TITRE II : RÉGIME D'AUTORISATION ET DE PERMIS
Article 8
Sont soumis au régime de l'autorisation ou du permis de recherche s'il s'agit des eaux souterraines, les ouvrages, les installations, les travaux ou activités à caractère saisonnier qui n'ont pas d'effets qualitatifs ou quantitatifs importants et durables sur les ressources en eau, selon l'appréciation de l'Autorité compétente chargée de l'administration de ces ressources.
Le régime du permis de recherche des eaux souterraines est assimilé au régime d'autorisation.
Article 9
Toute personne souhaitant réaliser une opération citée à l'Article 11, ci-dessus et figurant à la nomenclature citée à l'Article 3 adresse une demande d'autorisation auprès du Préfet dans la circonscription duquel cette opération doit être réalisée.
Ampliation de la demande est adressée pour information aux collectivités locales concernées. Le Préfet en informe le Ministre chargé de l'Hydraulique dont il est le mandataire.
Le dossier de la demande est soumis par le Préfet à l'instruction préalable et à l'avis de la Direction Nationale de l'Hydraulique ou de son représentant compétent local.
Le dossier de la demande d'autorisation comprend :
- - le Nom et l'adresse du demandeur ;
- - l'emplacement sur lequel l'installation, l'ouvrage, le prélèvement, le rejet, les travaux ou les activités doivent être réalisés ;
- - les paramètres caractéristiques, techniques, la nature, la consistance, le volume et l'objet de l'opération ;
- - les éléments graphiques, plans ou cartes, utiles à la compréhension des pièces mentionnées en (2) et (3) ;
- - un document indiquant les incidences de l'opération sur les ressources en eau (l'écoulement, le niveau et la qualité des eaux) et sur le milieu aquatique ;
- - la mention du statut relatif à la propriété foncière de l'emplacement de l'opération.

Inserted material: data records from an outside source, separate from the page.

Lemma kernel_pair_coequalizer {X Y P : vgrp V} (f : vhom X Y) (p1 p2 : vhom P X) :
  is_kernel_pair f p1 p2 -> is_coequalizer p1 p2 (corestr f).
Proof.
  intros Hk. destruct (pullback_pointwise Hk) as [Hpairs _].
  apply coequalizer_of_final.
  - apply corestr_surjective.
  - apply corestr_final.
  - intros a. apply sig_eq. exact (proj1 Hk a).
  - intros x x' e. apply Hpairs. exact (f_equal (@proj1_sig _ _) e).
Qed.

Lemma regular_epi_of_final {X Z : vgrp V} (f : vhom X Z) :
  surjective f -> final f -> regular_epi f.
Proof.
  intros Hs Hf. exists (Pb f f), (pb1 f f), (pb2 f f).
  apply coequalizer_of_final; [exact Hs | exact Hf | |].
  - intros a. exact (proj2_sig a).
  - intros x x' e. now exists (exist _ (x, x') e).
Qed.

Lemma surjective_pullback {X Y Z P : vgrp V} {f : vhom X Z} {g : vhom Y Z}
    {p1 : vhom P X} {p2 : vhom P Y} :
  is_pullback f g p1 p2 -> surjective f -> surjective p2.
Proof.
  intros HP Hs y. destruct (Hs (g y)) as [x e].
  destruct (proj1 (pullback_pointwise HP) x y e) as [p [_ Hp]]. now exists p.
Qed.

Lemma final_pullback (HV : frame_law V) {X Y Z P : vgrp V} {f : vhom X Z} {g : vhom Y Z}
    {p1 : vhom P X} {p2 : vhom P Y} :
  is_pullback f g p1 p2 -> final f -> final p2.
Proof.
  intros HP Hf y y'.
  destruct (pullback_pointwise HP) as [Hpairs [_ Hinit]].
  assert (Hd : qle (vdist y y') (qmeet (vdist y y') (final_dist f (g y) (g y')))).
  { apply qmeet_glb; [apply qle_refl |].
    eapply qle_trans; [apply (hcontr g) | apply Hf]. }
  unfold final_dist in Hd. rewrite HV in Hd.
  eapply qle_trans; [exact Hd |]. apply qsup_least.
  intros a [b [[x [x' [e [e' ->]]]] ->]].
  destruct (Hpairs x y e) as [p [Hp1 Hp2]].
  destruct (Hpairs x' y' e') as [p' [Hp1' Hp2']].
  apply qle_trans with (vdist p p').
  - eapply qle_trans; [| apply Hinit]. rewrite Hp1, Hp2, Hp1', Hp2'.
    apply qmeet_glb; [apply qmeet_ler | apply qmeet_lel].
  - apply qsup_ub. now exists p, p'.
Qed.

La demande précisera, s'il y a lieu, les mesures compensatoires ou correctives envisagées et la compatibilité du projet d'opération avec les orientations des plans ou schéma directeur d'aménagement hydraulique, s'il en existe, du bassin hydrographique dans lequel les ressources en eau utilisées sont comprises, et avec les objectifs de qualité des eaux prévus par les lois et règlements en vigueur.
La demande devra également contenir l'étude d'impact environnemental et social de l'opération envisagée. Cependant une notice spécifique jointe à la demande est suffisante.
Article 10
Si le Préfet estime que la demande ne peut être satisfaite, il notifie par écrit son rejet au demandeur.
S'il estime que la demande est irrégulière ou incomplète, il invite le demandeur à régulariser le dossier de la demande.
Article II : L'autorisation est accordée à titre personnel par Décision du Préfet, dont la durée de validité n'excède pas deux ans. Elle fixe les moyens de contrôle de l'ouvrage, de l'installation, des travaux ou des activités ainsi que de surveillance de leurs effets sur les ressources en eau et sur le milieu aquatique.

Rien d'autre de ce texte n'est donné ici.